YOUR TASK => Where "RotationInvariance" appears in a line of the entries below, that line should be copied.

[Stored items]
Lemma trmx_Knu_mulmx (nu : R) v :
  (Knu N nu)^T *m v = (1 - nu) *: v + nu *: crot 1 v.
Proof.
rewrite /Knu raddfD /= !linearZ /= trmx1 mulmxDl -!scalemxAl mul1mx.
by rewrite trmx_shiftK_mulmx.
Qed.

Lemma trmx_calK_mulmx (k : int) (s : R) v : 0 <= s < 1 ->
  (calK N (k%:~R + s))^T *m v = (1 - s) *: crot k v + s *: crot (k + 1) v.
Proof.
move=> s01; have floorE : Num.floor (k%:~R + s) = k.
  by apply: floor_def; rewrite lerDl rmorphD /= ltrD2l.
rewrite /calK floorE trmx_mul -mulmxA trmx_Kpowz_mulmx trmx_Knu_mulmx crotD.
by rewrite addrAC subrr add0r [(1 + k)%R]addrC.
Qed.

Lemma trmx_calK_int_mulmx (k : int) v : (calK N k%:~R)^T *m v = crot k v.
Proof.
have := @trmx_calK_mulmx k 0 v; rewrite lexx ltr01 addr0 => ->//.
by rewrite subr0 scale1r scale0r addr0.
Qed.

End CyclicRotation.

Section DiscreteFourier.
Variables (R : realType) (n : nat).
Local Notation N := n.+1.
Implicit Types (a : 'cV[R]_N).

Definition dft_angle (x : nat) : R := 2 * pi * x%:R / N%:R.

Lemma dft_angleD_mul (x q : nat) :
  dft_angle (x + N * q) = dft_angle x + pi *+ 2 *+ q.
Proof.
rewrite /dft_angle natrD natrM -mulr_natr; field.
by rewrite addrC natr1 pnatr_eq0.
Qed.

Lemma dft_angleNB (j k : nat) : (k <= N)%N ->
  dft_angle (j * (N - k)) = - dft_angle (j * k) + pi *+ 2 *+ j.
Proof.
move=> leqkN; rewrite /dft_angle !natrM natrB // -mulr_natr; field.
by rewrite addrC natr1 pnatr_eq0.
Qed.

Lemma dft_angleB (l j k : nat) : (j <= N + l)%N ->
  dft_angle ((l + N - j) * k) = dft_angle (l * k) - dft_angle (j * k) + pi *+ 2 *+ k.
Proof.
move=> hj; rewrite /dft_angle !natrM natrB ?natrD; last by rewrite addnC.
rewrite -mulr_natr; field.
by rewrite addrC natr1 pnatr_eq0.
Qed.

Lemma cos_dft_angle_mod (x : nat) : cos (dft_angle (x %% N)) = cos (dft_angle x).
Proof. by rewrite {2}(divn_eq x N) addnC mulnC dft_angleD_mul (periodicn (@cosD2pi R)). Qed.

Lemma sin_dft_angle_mod (x : nat) : sin (dft_angle (x %% N)) = sin (dft_angle x).
Proof. by rewrite {2}(divn_eq x N) addnC mulnC dft_angleD_mul (periodicn (@sinD2pi R)). Qed.

(* For [0 < r := x mod N < N], [sin (dft_angle r / 2) = sin (pi r / N) > 0]. *)
Lemma cos_dft_angle_eq1 (x : nat) : cos (dft_angle x) = 1 -> (N %| x)%N.
Proof.
rewrite -cos_dft_angle_mod /dvdn; set r := (x %% N)%N.
have ltrN : (r < N)%N by rewrite ltn_pmod.
have [-> //|r_gt0] := posnP r; rewrite cos_sin_half => /eqP.
rewrite subr_eq addrC -subr_eq subrr eq_sym mulrn_eq0 /= expf_eq0 /= => /eqP sin0.
have : 0 < sin (dft_angle r / 2).
  have -> : dft_angle r / 2 = pi * (r%:R / N%:R).
    by rewrite /dft_angle; field; rewrite addrC natr1 pnatr_eq0.
  apply: sin_gt0_pi; rewrite mulr_gt0 ?pi_gt0 ?divr_gt0 ?ltr0n //=.
  by rewrite -[X in _ < X]mulr1 ltr_pM2l ?pi_gt0 // ltr_pdivrMr ?ltr0n // mul1r ltr_nat.
by rewrite sin0 ltxx.
Qed.

(* Telescoping with [2 sin(x/2) cos(k x) = sin((k + 1/2) x) - sin((k - 1/2) x)]. *)
Lemma sum_cos_dft_angle (m : nat) : ~~ (N %| m)%N ->
  \sum_(k < N) cos (dft_angle (m * k)) = 0.
Proof.
move=> ndvd; set x := dft_angle m.
have angleE k : dft_angle (m * k) = k%:R * x.
  by rewrite /x /dft_angle natrM; field; rewrite addrC natr1 pnatr_eq0.
have sin_half_neq0 : sin (x / 2) != 0.
  apply: contra ndvd => /eqP sin0; apply: cos_dft_angle_eq1.
  by rewrite cos_sin_half sin0 expr0n /= mul0rn subr0.
pose F k := sin (k%:R * x - x / 2).
have Fstep k : F k.+1 - F k = cos (k%:R * x) * (sin (x / 2) *+ 2).
  rewrite /F -natr1 mulrDl mul1r.
  have -> : k%:R * x + x - x / 2 = k%:R * x + x / 2 by field.
  rewrite sinD sinB; ring.
apply: (mulIf (_ : sin (x / 2) *+ 2 != 0)); first by rewrite mulrn_eq0.
rewrite mul0r mulr_suml (eq_bigr (fun k : 'I_N => F k.+1 - F k)); last first.
  by move=> k _; rewrite angleE Fstep.
rewrite -(big_mkord xpredT (fun k => F k.+1 - F k)) telescope_sumr // /F.
have -> : N%:R * x = pi *+ 2 *+ m by rewrite /x /dft_angle -mulr_natr; field.
by rewrite mul0r add0r [pi *+ 2 *+ m - _]addrC (periodicn (@sinD2pi R)) subrr.
Qed.

Lemma dft_inversion a (j : 'I_N) :
  N%:R * a j ord0 = \sum_(k < N)
    (dft_re a k * cos (dft_angle (j * k)) - dft_im a k * sin (dft_angle (j * k))).
Proof.
transitivity (\sum_(k < N) \sum_(l < N) a l ord0 * cos (dft_angle ((l + N - j) * k)));
    last first.
  apply: eq_bigr => k _; rewrite /dft_re /dft_im mulNr opprK !mulr_suml -big_split /=.
  apply: eq_bigr => l _; rewrite dft_angleB; last by rewrite ltnW // ltn_addr.
  rewrite (periodicn (@cosD2pi R)) cosB /dft_angle; ring.
rewrite exchange_big /= (bigD1 j) //= [X in _ + X]big1 ?addr0.
  rewrite -mulr_sumr mulrC addKn (eq_bigr (fun _ => 1)) ?sumr_const ?card_ord //.
  move=> k _; rewrite -[(N * k)%N]add0n dft_angleD_mul (periodicn (@cosD2pi R)).
  by rewrite /dft_angle mulr0 mul0r cos0.
move=> l neq_lj; rewrite -mulr_sumr sum_cos_dft_angle ?mulr0 //.
apply/negP; rewrite /dvdn => /eqP dvdN.
have : ((l + N - j + j) %% N = j %% N)%N by rewrite -modnDml dvdN.
rewrite subnK; last by rewrite ltnW // ltn_addl.
by rewrite modnDr !modn_small // => /val_inj/eqP; rewrite (negbTE neq_lj).
Qed.

Lemma eq_coef_of_dft a (j1 j2 : 'I_N) :
  (forall k : 'I_N, in_supp_dft a k ->
     cos (dft_angle (j1 * k)) = cos (dft_angle (j2 * k)) /\
     sin (dft_angle (j1 * k)) = sin (dft_angle (j2 * k))) ->
  a j1 ord0 = a j2 ord0.
Proof.
move=> same_phase; apply: (@mulfI _ N%:R); first by rewrite pnatr_eq0.
rewrite !dft_inversion; apply: eq_bigr => k _.
have [/same_phase[-> ->] //|] := boolP (in_supp_dft a k).
by rewrite negb_or !negbK => /andP[/eqP-> /eqP->]; rewrite !mul0r subrr.
Qed.

Lemma in_supp_dft_subn a (k : nat) : (k <= N)%N ->
  in_supp_dft a k -> in_supp_dft a (N - k).
Proof.
move=> leqkN; rewrite /in_supp_dft.
have -> : dft_re a (N - k) = dft_re a k.
  apply: eq_bigr => j _; rewrite -[X in cos X]/(dft_angle (j * (N - k))).
  by rewrite dft_angleNB // (periodicn (@cosD2pi R)) cosN.
have -> : dft_im a (N - k) = - dft_im a k.
  rewrite /dft_im opprK -sumrN; apply: eq_bigr => j _.
  rewrite -[X in sin X]/(dft_angle (j * (N - k))).
  by rewrite dft_angleNB // (periodicn (@sinD2pi R)) sinN mulrN opprK.
by rewrite (oppr_eq0 (dft_im a k)).
Qed.

Section Shift.
Variables (a : 'cV[R]_N) (m k : nat).
Let C := cos (dft_angle (m * k)).
Let S := sin (dft_angle (m * k)).

Let rot_ord (j : 'I_N) : 'I_N := inord ((j + m) %% N).

Let rot_ord_inj : injective rot_ord.
Proof.
move=> j1 j2 /(congr1 val); rewrite /= !inordK ?ltn_pmod // => /eqP.
by rewrite eqn_modDr !modn_small // => /eqP /val_inj.
Qed.

Let dft_angle_rot_ord (j : 'I_N) :
  cos (dft_angle (rot_ord j * k)) = cos (dft_angle (j * k) + dft_angle (m * k)) /\
  sin (dft_angle (rot_ord j * k)) = sin (dft_angle (j * k) + dft_angle (m * k)).
Proof.
have -> : dft_angle (j * k) + dft_angle (m * k) = dft_angle ((j + m) * k).
  by rewrite /dft_angle mulnDl natrD; ring.
rewrite inordK ?ltn_pmod // -cos_dft_angle_mod -sin_dft_angle_mod modnMml.
by rewrite cos_dft_angle_mod sin_dft_angle_mod.
Qed.

Lemma dft_re_crot :
  dft_re a k = C * dft_re (crot m a) k + S * dft_im (crot m a) k.
Proof.
rewrite {1}/dft_re (reindex_inj rot_ord_inj) /= /dft_re /dft_im mulrN !mulr_sumr.
rewrite -sumrN -big_split /=; apply: eq_bigr => j _.
rewrite crot_nat -[X in cos X]/(dft_angle (rot_ord j * k)).
rewrite (dft_angle_rot_ord j).1 cosD /C /S /dft_angle; ring.
Qed.

Lemma dft_im_crot :
  dft_im a k = C * dft_im (crot m a) k - S * dft_re (crot m a) k.
Proof.
rewrite {1}/dft_im (reindex_inj rot_ord_inj) /= /dft_re /dft_im !mulrN !mulr_sumr.
rewrite -!sumrN -big_split /=; apply: eq_bigr => j _.
rewrite crot_nat -[X in sin X]/(dft_angle (rot_ord j * k)).
rewrite (dft_angle_rot_ord j).2 sinD /C /S /dft_angle; ring.
Qed.

End Shift.

End DiscreteFourier.

Section RotationInvariance.
Variables (R : realType) (n : nat) (a : 'cV[R]_n.+1).
Local Notation N := n.+1.

Lemma crot_fixed_dvdn (m k : nat) :
  crot m a = a -> in_supp_dft a k -> (N %| m * k)%N.
Proof.
(* By the shift theorem [F(a)_k = e^(2 pi i m k / N) F(a)_k], and [F(a)_k <> 0]. *)
move=> fixed supp_k; apply: (@cos_dft_angle_eq1 R).
have := dft_im_crot a m k; have := dft_re_crot a m k; rewrite fixed.
set C := cos _; set S := sin _; set re := dft_re a k; set im := dft_im a k.
move=> re_rot im_rot.
have norm_neq0 : re ^+ 2 + im ^+ 2 != 0.
  rewrite paddr_eq0 ?sqr_ge0 // !sqrf_eq0 negb_and.
  by move: supp_k; rewrite /in_supp_dft.
have : (1 - C) * (re ^+ 2 + im ^+ 2) = 0.
  have -> : (1 - C) * (re ^+ 2 + im ^+ 2) =
      re * (re - (C * re + S * im)) + im * (im - (C * im - S * re)) by ring.
  by rewrite -re_rot -im_rot !subrr !mulr0 addr0.
by move/eqP; rewrite mulf_eq0 (negbTE norm_neq0) orbF subr_eq0 => /eqP.
Qed.

Lemma crot_fixed_of_dvdn (m : nat) :
  (forall k : 'I_N, in_supp_dft a k -> (N %| m * k)%N) -> crot m a = a.
Proof.
move=> dvdN; apply/matrixP => j z; rewrite (ord1 z) crot_nat.
apply: eq_coef_of_dft => k /dvdN /dvdnP[q mkE].
suff angle_mod : ((inord ((j + m) %% N) : 'I_N) * k %% N = j * k %% N)%N.
  by rewrite -cos_dft_angle_mod -sin_dft_angle_mod angle_mod
    cos_dft_angle_mod sin_dft_angle_mod.
by rewrite inordK ?ltn_pmod // modnMml mulnDl mkE addnC modnMDl.
Qed.

Lemma exists_supp_dft_gt0 :
  ~ parallel_to_one a -> exists2 k : 'I_N, (0 < k)%N & in_supp_dft a k.
Proof.
move=> nonconst.
have [/existsP[k /andP[k_gt0 supp_k]]|/existsPn no_supp] :=
  boolP [exists k : 'I_N, (0 < k)%N && in_supp_dft a k]; first by exists k.
case: nonconst; exists (a ord0 ord0); apply/matrixP => i z.
rewrite (ord1 z) !mxE mulr1; apply: eq_coef_of_dft => k supp_k.
have [->|k_gt0] := posnP k; first by rewrite !muln0.
by move: (no_supp k); rewrite k_gt0 supp_k.
Qed.

End RotationInvariance.

Section GcdSupport.
Variables (R : realType) (n : nat) (a : 'cV[R]_n.+1).
Local Notation N := n.+1.
Local Notation G := (gcd_supp a).

Lemma gcd_supp_dvdn (k : 'I_N) : (0 < k)%N -> in_supp_dft a k -> (G %| k)%N.
Proof. by move=> k_gt0 supp_k; apply: (biggcdn_inf k); rewrite ?k_gt0. Qed.

Lemma dvdn_mul_gcd_supp (m : nat) :
  (forall k : 'I_N, in_supp_dft a k -> (N %| m * k)%N) <-> (N %| m * G)%N.
Proof.
split=> [dvdN|dvdNG k supp_k].
  rewrite (big_morph (muln m) (muln_gcdr m) (muln0 m)).
  by apply/dvdn_biggcdP => k /andP[_ /dvdN].
have [->|k_gt0] := posnP k; first by rewrite muln0.
exact: dvdn_trans dvdNG (dvdn_mul (dvdnn m) (gcd_supp_dvdn k_gt0 supp_k)).
Qed.

Hypothesis nonconst : ~ parallel_to_one a.

Lemma gcd_supp_gt0 : (0 < G)%N.
Proof.
have [k k_gt0 supp_k] := exists_supp_dft_gt0 nonconst.
rewrite lt0n; apply: contraL (gcd_supp_dvdn k_gt0 supp_k) => /eqP->.
by rewrite dvd0n -lt0n.
Qed.

Lemma gcd_supp_dvdN : (G %| N)%N.
Proof.
have [k k_gt0 supp_k] := exists_supp_dft_gt0 nonconst.
have ltkN := ltn_ord k.
have ltNkN : (N - k < N)%N by rewrite ltn_subrL k_gt0.
have dvd_Nk : (G %| N - k)%N.
  apply: (@gcd_supp_dvdn (Ordinal ltNkN)); first by rewrite subn_gt0.
  exact: in_supp_dft_subn (ltnW ltkN) supp_k.
by have := dvdn_add dvd_Nk (gcd_supp_dvdn k_gt0 supp_k); rewrite subnK // ltnW.
Qed.

Lemma crot_fixedE (m : nat) : crot m a = a <-> (N %/ G %| m)%N.
Proof.
rewrite -(dvdn_pmul2r gcd_supp_gt0) divnK ?gcd_supp_dvdN // -dvdn_mul_gcd_supp.
split=> [fixed k|]; [exact: crot_fixed_dvdn|exact: crot_fixed_of_dvdn].
Qed.

End GcdSupport.

Definition calK_orbit (R : realType) (N : nat) (a : 'cV[R]_N) (x : R) : 'cV[R]_N :=
  (calK N x)^T *m a.

Section CalKPeriods.
Variables (R : realType) (n : nat) (a : 'cV[R]_n.+1).
Local Notation N := n.+1.
Local Notation orbit := (calK_orbit a).

Lemma is_period_gfunE (b : 'cV[R]_N) (L : R) :
  is_period (gfun a b) L <-> is_period orbit L.
Proof.
split=> per x; move: (per x); rewrite /gfun /calK_orbit; first by move/addrI/oppr_inj.
by move->.
Qed.

Lemma is_period_intE (m : int) : is_period orbit m%:~R <-> crot m a = a.
Proof.
split=> [per|fixed x].
  by have := per 0%:~R; rewrite /calK_orbit -intrD add0r !trmx_calK_int_mulmx crot0.
have := frac_itv x; set k := Num.floor x; set f := x - _ => f01.
have -> : x + m%:~R = (k + m)%:~R + f by rewrite intrD /f; ring.
have {1}-> : x = k%:~R + f by rewrite /f; ring.
have crotDm p : crot (p + m) a = crot p a by rewrite -crotD fixed.
by rewrite /calK_orbit !trmx_calK_mulmx // crotDm [k + m + 1]addrAC crotDm.
Qed.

OUTPUT OF THE TASK =>
Section RotationInvariance.
End RotationInvariance.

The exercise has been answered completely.